#### [Task brief]
Transcribe exactly the lines that fall between the one holding "(r : seq (A" and the one holding "Definition valid_policy (pi", inclusive, from the entries below.

─── Records for processing ───

(* Under the setting below, for any $\epsilon>0$, $$\mathcal{N}_{\mathcal{F}}(\epsilon)\le\mathcal{Z}_{\mathcal{F}}\big(\alpha\epsilon/(8|\mathcal{O}|^{H+1}|\mathcal{A}|^HH|\mathcal{U}_A|^2|\mathcal{U}|)\big).$$
   Context: Process: finite $\mathcal{O},\mathcal{A}$, horizon $H$; histories $\tau_h=(o_1,a_1,\dots,o_h,a_h)$; policies pick $a_h\sim\pi_h(\cdot\mid\tau_{h-1},o_h)$; $\pi(\tau_h)=\prod_{l\le h}\pi_l(a_l\mid\tau_{l-1},o_l)$; $\mathbb{P}^\pi_f(\tau_H)$ is the probability of $\tau_H$ under $\pi$ in model $f$. For a model $f$, a test starting at step $h$ is $t=(o_h,\dots,o_{h+W-1},a_h,\dots,a_{h+W-2})$; $\mathbb{P}_f(t\mid\tau_{h-1})$ is the probability of observing $o_{h:h+W-1}$ when executing $a_{h:h+W-2}$ after $\tau_{h-1}$ ($0$ if unreachable). A set $\mathcal{U}_h$ of tests starting at $h$ is a core test set if for every test $t$ starting at $h$ there is a history-independent $m_{t,h;f}$ with $\mathbb{P}_f(t\mid\tau_{h-1})=\langle m_{t,h;f},q_{\tau_{h-1};f}\rangle$, $q_{\tau_{h-1};f}=[\mathbb{P}_f(u\mid\tau_{h-1})]_{u\in\mathcal{U}_h}$; $q_{0;f}=[\mathbb{P}_f(u)]_{u\in\mathcal{U}_1}$; $M_{o,a,h;f}$ has rows $m_{(o,a,u),h;f}^\top$, $u\in\mathcal{U}_{h+1}$. $\mathcal{U}_{A,h}$: action sequences in $\mathcal{U}_h$; $|\mathcal{U}_A|=\max_h|\mathcal{U}_{A,h}|$; $|\mathcal{U}|=\max_h|\mathcal{U}_h|$. $d_{\mathrm{PSR},h;f}$ is the rank of the matrix with entries $\mathbb{P}_f(t\mid\tau_h)$. Core matrix $K_{h;f}$ ($h\ge1$): columns $q_{\tau_h^1;f},\dots,q_{\tau_h^{d_{\mathrm{PSR},h;f}};f}$ for histories whose predictive states span all $q_{\tau_h;f}$, chosen to minimize $\|K_{h;f}^\dagger\|_{1\to1}$; $K_{0;f}=q_{0;f}$. Standing assumptions: the true process $f^*$ is in $\mathcal{F}$; every $f\in\mathcal{F}$ is a valid PSR with core test sets $\{\mathcal{U}_h\}_{h\in[H]}$ and $\|K_{h;f}^\dagger\|_{1\to1}\le1/\alpha$ for $h\in\{0,\dots,H-1\}$; every $o\in\mathcal{O}$ belongs to $\mathcal{U}_H$, and $m_{o,H;f}=e_o$ (standard basis vector indexing $o$ in $\mathcal{U}_H$). Convention: for $f\in\mathcal{F}$ the vectors $m_{(o,a,u),h;f}$ lie in the column space of $K_{h-1;f}$. Bracket number: a size-$N$ $\epsilon$-bracket of $\mathcal{F}$ is $\{(g_1^i,g_2^i)\}_{i=1}^N$ of real functions of (policy, $\tau_H$) with $\sum_{\tau_H}|g_1^i(\pi,\tau_H)-g_2^i(\pi,\tau_H)|\le\epsilon$ for all $\pi,i$, such that each $f\in\mathcal{F}$ has some $i$ with $g_1^i(\pi,\tau_H)\le\mathbb{P}^\pi_f(\tau_H)\le g_2^i(\pi,\tau_H)$ for all $\tau_H,\pi$; $\mathcal{N}_{\mathcal{F}}(\epsilon)$ is the minimal $N$. Covering number: $\mathcal{Z}_{\mathcal{F}}(\epsilon)$ is the minimal $n$ such that there is a set $\mathcal{F}'$ of $n$ parameter tuples $\{m'_{(o,a,u),h},q'_0\}$ (not necessarily valid PSRs) such that for every $f\in\mathcal{F}$ some element satisfies $\max_{o,a,h\in[H-1],u\in\mathcal{U}_{h+1}}\|m_{(o,a,u),h;f}-m'_{(o,a,u),h}\|_\infty\le\epsilon$ and $\|q_{0;f}-q'_0\|_\infty\le\epsilon$. *)

From HB Require Import structures.
From mathcomp Require Import all_boot all_order all_algebra.
Set Implicit Arguments. Unset Strict Implicit. Unset Printing Implicit Defensive.
Import Order.TTheory GRing.Theory Num.Theory.
Local Open Scope ring_scope.

Section PSR.
Variables (R : realFieldType) (O A : finType).

(* A history tau_h = (o_1,a_1,...,o_h,a_h) is a sequence of (o,a) pairs. *)

(* A (general) sequential process is given by its observation kernels:
   f tau o = probability of observing o at step (size tau).+1 after tau. *)
Definition proc := seq (O * A) -> O -> R.

Definition valid_proc (f : proc) : Prop :=
  (forall tau o, 0 <= f tau o) /\ (forall tau, \sum_(o : O) f tau o = 1).

(* P_f(o_{1:h} | a_{1:h-1}) for tau = tau_h (the last action is irrelevant) *)
Definition prefix_prob (f : proc) (tau : seq (O * A)) : R :=
  \prod_(i < size tau) f (take i tau) (tnth (in_tuple tau) i).1.

(* A test starting at h: (o_h, [(a_h,o_{h+1}); ...; (a_{h+W-2},o_{h+W-1})]). *)
Definition test := (O * seq (A * O))%type.

Definition valid_test (H h : nat) (t : test) : bool := (h + size t.2 <= H)%N.

Fixpoint test_prob_raw (f : proc) (tau : seq (O * A)) (o : O)
    (r : seq (A * O)) : R :=
  match r with
  | [::] => f tau o
  | (a, o') :: r' => f tau o * test_prob_raw f (rcons tau (o, a)) o' r'
  end.

(* P_f(t | tau_{h-1}), 0 if tau_{h-1} is unreachable *)
Definition test_prob (f : proc) (t : test) (tau : seq (O * A)) : R :=
  if prefix_prob f tau == 0 then 0 else test_prob_raw f tau t.1 t.2.

(* Policies: pi tau_{h-1} o_h a_h = pi_h(a_h | tau_{h-1}, o_h). *)
Definition policy := seq (O * A) -> O -> A -> R.

Definition valid_policy (pi : policy) : Prop :=
  (forall tau o a, 0 <= pi tau o a) /\ (forall tau o, \sum_(a : A) pi tau o a = 1).

Definition policy_prob (pi : policy) (tau : seq (O * A)) : R :=
  \prod_(i < size tau)
     pi (take i tau) (tnth (in_tuple tau) i).1 (tnth (in_tuple tau) i).2.

Definition traj_prob (f : proc) (pi : policy) (tau : seq (O * A)) : R :=
  policy_prob pi tau * prefix_prob f tau.

Definition represents (f : proc) (U : nat -> seq test) (h : nat) (t : test)
    (m : test -> R) : Prop :=
  forall tau : (h.-1).-tuple (O * A),
    test_prob f t tau = \sum_(u <- U h) m u * test_prob f u tau.

(* m lies in the span of the predictive states q_{tau_{h-1}}
   (= the column space of the core matrix K_{h-1}) *)
Definition in_qspan (f : proc) (U : nat -> seq test) (h : nat)
    (m : test -> R) : Prop :=
  exists c : (h.-1).-tuple (O * A) -> R,
    forall u, u \in U h -> m u = \sum_tau c tau * test_prob f u tau.

(* m = m_{t,h;f} (with the column-space convention, which makes it unique) *)
Definition psr_m (f : proc) (U : nat -> seq test) (h : nat) (t : test)
    (m : test -> R) : Prop :=
  represents f U h t m /\ in_qspan f U h m.

Definition core_test_set (H : nat) (f : proc) (U : nat -> seq test) (h : nat)
    : Prop :=
  uniq (U h) /\ (forall u, u \in U h -> valid_test H h u) /\
  (forall t, valid_test H h t -> exists m, represents f U h t m).

Definition indep_hists (H : nat) (f : proc) (h k : nat)
    (taus : 'I_k -> h.-tuple (O * A)) : Prop :=
  forall c : 'I_k -> R,
    (forall t, valid_test H h.+1 t ->
       \sum_(i < k) c i * test_prob f t (taus i) = 0) ->
    forall i, c i = 0.

(* d = d_{PSR,h;f}: rank of the matrix (P_f(t | tau_h))_{t, tau_h} *)
Definition psr_rank (H : nat) (f : proc) (h d : nat) : Prop :=
  (exists taus : 'I_d -> h.-tuple (O * A), @indep_hists H f h d taus) /\
  (forall taus : 'I_d.+1 -> h.-tuple (O * A), ~ @indep_hists H f h d.+1 taus).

───

#### [Expected answer]
    (r : seq (A * O)) : R :=
  match r with
  | [::] => f tau o
  | (a, o') :: r' => f tau o * test_prob_raw f (rcons tau (o, a)) o' r'
  end.

(* P_f(t | tau_{h-1}), 0 if tau_{h-1} is unreachable *)
Definition test_prob (f : proc) (t : test) (tau : seq (O * A)) : R :=
  if prefix_prob f tau == 0 then 0 else test_prob_raw f tau t.1 t.2.

(* Policies: pi tau_{h-1} o_h a_h = pi_h(a_h | tau_{h-1}, o_h). *)
Definition policy := seq (O * A) -> O -> A -> R.

Definition valid_policy (pi : policy) : Prop :=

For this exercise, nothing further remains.